O delator disse que, por esse motivo, o miliciano teria preparado sua morte. O ex-PM afirma que ele foi armado em sua direção num bar, mas desistiu de cometer o crime, em sua interpretação, porque estava acompanhado do filho de 11 anos. Após uma discussão, Lessa disse que decidiu matá-lo, para evitar uma nova emboscada.
ROGÉRIO ANDRADE
Em outro anexo, o ex-PM também busca se desvincular de Rogério Andrade. Ele reconhece que o bicheiro autorizou a instalação de um bingo na Barra da Tijuca, mas nega que mantivesse relação próxima com ele ou mesmo que tenha sido seu segurança.
A suspeita de que Lessa integrava a tropa de policiais mantidas pelo bicheiro se deve ao fato de o ex-PM ter sofrido um atentado a bomba com “modus operandis” semelhante ao sofrido por Rogério Andrade. O delator perdeu a perna numa explosão em outubro de 2009. Em abril de 2010, ataque semelhante vitimou o filho do bicheiro que o acompanhava no carro.
Lessa afirma que conheceu Rogério Andrade apenas depois do atentado em 2010. Ele afirma que os dois se encontraram para tentar, juntos, identificar o autor das explosões.
“Então, em 2010, eu busquei essa aproximação. De perguntar para ele: ‘Por que tentaram te matar? A bomba’. Porque eu também tinha essa pergunta, e ele também tinha essa dúvida: ‘Quem é esse cara que sofreu um atentado igual ao meu?’ Como eu disse, uma coisa bem atípica.
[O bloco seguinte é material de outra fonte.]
Lemma minimal_prime_shift e (P : S -> Prop) :
  (forall c p, I p -> I (shift e c p)) -> minimal_prime_over I P ->
  forall i j i' j' l, e i j = Some (i', j') -> P (xvar F i j l) -> P (xvar F i' j' l).
Proof.
move=> eI P_min i j i' j' l eij Px; apply: NNPP => nPy.
have [P_prime IP _] := P_min; have [[P0 PD PM] P1 Pprime] := P_prime.
have [s [N [nPs Is]]] := minimal_prime_nilpotent Iideal_ideal P_min Px.
have Pshift c : c != 0 -> P (shift_poly e s).[c%:MP].
  move=> c0; have := IP _ (eI c _ Is); rewrite rmorphM rmorphXn shift_xvar eij.
  move/(prime_idealMXn P_prime) => [//|Pxy]; exfalso.
  have : P (c%:MP * xvar F i' j' l).
    rewrite -[_ * _](addKr (xvar F i j l)); apply: PD => //.
    by rewrite -mulN1r; apply: PM.
  move/Pprime => [/(PM (c^-1)%:MP)|//]; rewrite -rmorphM mulVf // rmorph1.
have [ds [uds szds]] := closed_field_uniq_seq F (size (shift_poly e s)).
have /andP [ds0 {}uds] := uds.
apply: nPs; rewrite -(shift0 e s) /= horner_evalE mpolyC0 horner_coef0.
apply: (ideal_coef_of_evals (cs := map (@mpolyC _ F) ds)).
- by case: P_prime.
- by rewrite map_inj_uniq //; apply: fmorph_inj.
- by rewrite size_map.
- move=> _ _ /mapP [a ads ->] /mapP [b bds ->] ab; rewrite -rmorphB; apply: rmorph_unit.
  by rewrite unitfE subr_eq0; apply: contraNneq ab => ->.
- by move=> _ /mapP [a ads ->]; apply: Pshift; apply: contraNneq ds0 => <-.
Qed.

End GenericMatrix.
A gente não está no Oriente Médio. A gente tá no Brasil. Então, a princípio, tirando a bomba do Riocentro, era a primeira explosão a bomba, um atentado, uma coisa assim exagerada”, disse ele aos investigadores, em vídeo obtido pela Folha de S.Paulo.
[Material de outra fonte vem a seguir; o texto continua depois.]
(* For all $u\le v\in\mathbb{Z}^2$ and $\lambda\in(0,1)$: on the event $E_{\rightarrow}(\lambda;u,v)$, the path $\pi_-(u,v)$ is above $\pi_-(\lambda;u,v)$; and on the event $E_{\uparrow}(\lambda;u,v)$, the path $\pi_+(\lambda;u,v)$ is above $\pi_+(u,v)$.
   Context: Fix $p\in(0,1)$; bulk weights $(\omega_x)_{x\in\mathbb{Z}^2}$ i.i.d. with $\mathbb{P}(\omega_x=k)=p(1-p)^k$, $k\ge0$. $\mathbf{e}_1=(1,0),\mathbf{e}_2=(0,1),\mathbf{e}_+=(1,1)$; $u\le v$ coordinatewise; $R_{u,v}=[u_1,v_1]\times[u_2,v_2]$; $H_x=\mathbb{R}\times\{x_2\}$, $V_x=\{x_1\}\times\mathbb{R}$. Directed paths use steps $\mathbf{e}_1,\mathbf{e}_2$; $T(x,y)$ is the maximal weight $\sum_{z\in\gamma}\omega_z$ over directed paths from $x$ to $y$. Boundary weights for $\lambda\in(0,1)$: let $q(\lambda)=\frac{p\lambda+p\sqrt{(1-p)\lambda(1-\lambda)}}{1-p+p\lambda+2\sqrt{(1-p)\lambda(1-\lambda)}}$, $p_H=q(\lambda)$, $p_V=1-\frac{1-p}{1-q(\lambda)}$. For a base vertex $u$, take $(\omega^V_{u+j\mathbf{e}_2}(\lambda))_{j\in\mathbb{Z}}$ i.i.d. geometric with parameter $p_V$ independent of the bulk, set $L(u)=0$, $L(u+j\mathbf{e}_2)-L(u+(j-1)\mathbf{e}_2)=\omega^V_{u+j\mathbf{e}_2}(\lambda)$, for $x\in u+\mathbb{Z}_{>0}\times\mathbb{Z}$ let $L(x)=\sup_{j\le x_2-u_2}[L(u+j\mathbf{e}_2)+T(u+\mathbf{e}_1+j\mathbf{e}_2,x)]$, and $\omega^H_x(\lambda)=L(x)-L(x-\mathbf{e}_1)$, $\omega^V_x(\lambda)=L(x)-L(x-\mathbf{e}_2)$. The law of $(\omega_x,\omega^H_x(\lambda),\omega^V_x(\lambda))$ converges as $u=(-m,-m)$, $m\to\infty$, to a law on all of $\mathbb{Z}^2$ whose restriction to each $u+\mathbb{Z}_{\ge0}^2$ agrees with the construction based at $u$; we work under this full-plane law. For a directed path $\gamma$ from $x$ to $y$, $T(\lambda;\gamma)=\sum_{z\in\gamma\cap H_x\setminus\{x\}}\omega^H_z(\lambda)+\sum_{z\in\gamma\cap V_x\setminus\{x\}}\omega^V_z(\lambda)+\sum_{z\in\gamma\cap R_{x+\mathbf{e}_+,y}}\omega_z$; $T(\lambda;x,y)$ is its maximum over directed paths from $x$ to $y$, and maximizers are $\lambda$-geodesics. A path $\gamma$ is above $\gamma'$ if for every vertical line $V$ meeting both, $\min(\gamma\cap V)\ge\min(\gamma'\cap V)$. $\pi_+(u,v)$, $\pi_-(u,v)$ are the upmost (above all others) and downmost geodesics for $T(u,v)$, and $\pi_\pm(\lambda;u,v)$ the analogous $\lambda$-geodesics. $E_{\rightarrow}(\lambda;u,v)=\{u+\mathbf{e}_1\in\pi_-(\lambda;u,v)\}$, $E_{\uparrow}(\lambda;u,v)=\{u+\mathbf{e}_2\in\pi_+(\lambda;u,v)\}$. *)

From Stdlib Require Import ZArith List.
Import ListNotations.
Open Scope Z_scope.

Definition pt := (Z * Z)%type.
Definition e1 : pt := (1, 0).
Definition e2 : pt := (0, 1).
Definition padd (x y : pt) : pt := (fst x + fst y, snd x + snd y).
Definition psub (x y : pt) : pt := (fst x - fst y, snd x - snd y).

Definition ple (u v : pt) : Prop := fst u <= fst v /\ snd u <= snd v.

Fixpoint steps_ok (g : list pt) : Prop :=
  match g with
  | a :: ((b :: _) as t) => (b = padd a e1 \/ b = padd a e2) /\ steps_ok t
  | _ => True
  end.

Definition dpath (x y : pt) (g : list pt) : Prop :=
  head g = Some x /\ last g x = y /\ steps_ok g.

Definition bulk_weight (om : pt -> Z) (g : list pt) : Z :=
  fold_right (fun z s => om z + s) 0 g.

(* stationary boundary weights derived from the stationary LPP field L *)
Definition omH (L : pt -> Z) (x : pt) : Z := L x - L (psub x e1).
Definition omV (L : pt -> Z) (x : pt) : Z := L x - L (psub x e2).

(* weight contributed by vertex z to T(lambda; gamma) for a path starting at x:
   z on H_x\{x} -> omega^H, z on V_x\{x} -> omega^V, z in R_{x+e_+,y} -> omega,
   and x itself contributes nothing *)
Definition lam_vertex (om : pt -> Z) (L : pt -> Z) (x z : pt) : Z :=
  if Z.eqb (snd z) (snd x) then (if Z.eqb (fst z) (fst x) then 0 else omH L z)
  else if Z.eqb (fst z) (fst x) then omV L z
  else om z.

Definition lam_weight (om : pt -> Z) (L : pt -> Z) (x : pt) (g : list pt) : Z :=
  fold_right (fun z s => lam_vertex om L x z + s) 0 g.

Definition geodesic (om : pt -> Z) (x y : pt) (g : list pt) : Prop :=
  dpath x y g /\
  forall g', dpath x y g' -> bulk_weight om g' <= bulk_weight om g.

Definition lam_geodesic (om L : pt -> Z) (x y : pt) (g : list pt) : Prop :=
  dpath x y g /\
  forall g', dpath x y g' -> lam_weight om L x g' <= lam_weight om L x g.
Para o ex-PM, o uso do mesmo método para atingir os dois criou o que ele chamou de “mística” sobre a ligação entre ambos.
“Muita gente criou a mística de que eu estava até no carro dele. […] Que eu era segurança dele. […] Ou seja, uma confusão danada. Um mix de especulações. E hoje, muita gente pensa que eu era segurança do Rogério Andrade. Não, eu nunca trabalhei para ele. É a grande realidade.”
Ele afirma que, nessa época, teve dois encontros com Andrade. O primeiro, para trocar impressões, e o segundo após a morte do sargento Volber Roberto da Silva Filho durante uma ação policial para prendê-lo. O militar era o principal suspeito de ter planejado o atentado contra Rogério Andrade.
Lessa afirma que foi alvo do sargento porque estava envolvido, quando ainda era policial, na apreensão de minas terrestres, granadas e munições desviadas por Volber.
O terceiro e último encontro com Andrade, segundo o relato de Lessa, foi feito para confirmar a autorização para o funcionamento do bingo que montou na Barra da Tijuca. O ex-PM afirma que havia se associado ao filho do bicheiro, Gustavo de Andrade, mas queria ter certeza em relação à autorização do pai para a sua atuação.
O bingo acabou sendo fechado no dia da inauguração, mas as máquinas foram recuperadas após, segundo o delator, o pagamento de propina para policiais.
O caso gerou a Operação Calígula, cujo desdobramento em agosto de 2022 levou à prisão de Rogério Andrade. Ele foi solto posteriormente.
A investigação levou Andrade a ser incluído no rol de suspeitos da morte de Marielle. A força-tarefa montada para investigar o homicídio afirmava que Lessa e o bicheiro atuavam juntos pelo menos desde 2009 e se reaproximaram no mês seguinte à morte da vereadora para a montagem do bingo.
“Desde o primeiro momento que essa equipe assumiu o caso, revisitamos tudo o que foi produzido. É fato notório e público o vínculo entre eles, entre o Ronnie Lessa e o chefe da organização criminosa que figura como 01 dessa denúncia, o Rogério de Andrade”, disse, na ocasião, o promotor Diogo Erthal.
“Por óbvio, essa é uma das linhas de investigação. Mas, nesse momento, nós não temos elementos para dizer nem que sim, nem que não. Se a resposta fosse sim, nesse momento ele estaria sendo denunciado por outro crime”, continuou ele durante entrevista coletiva.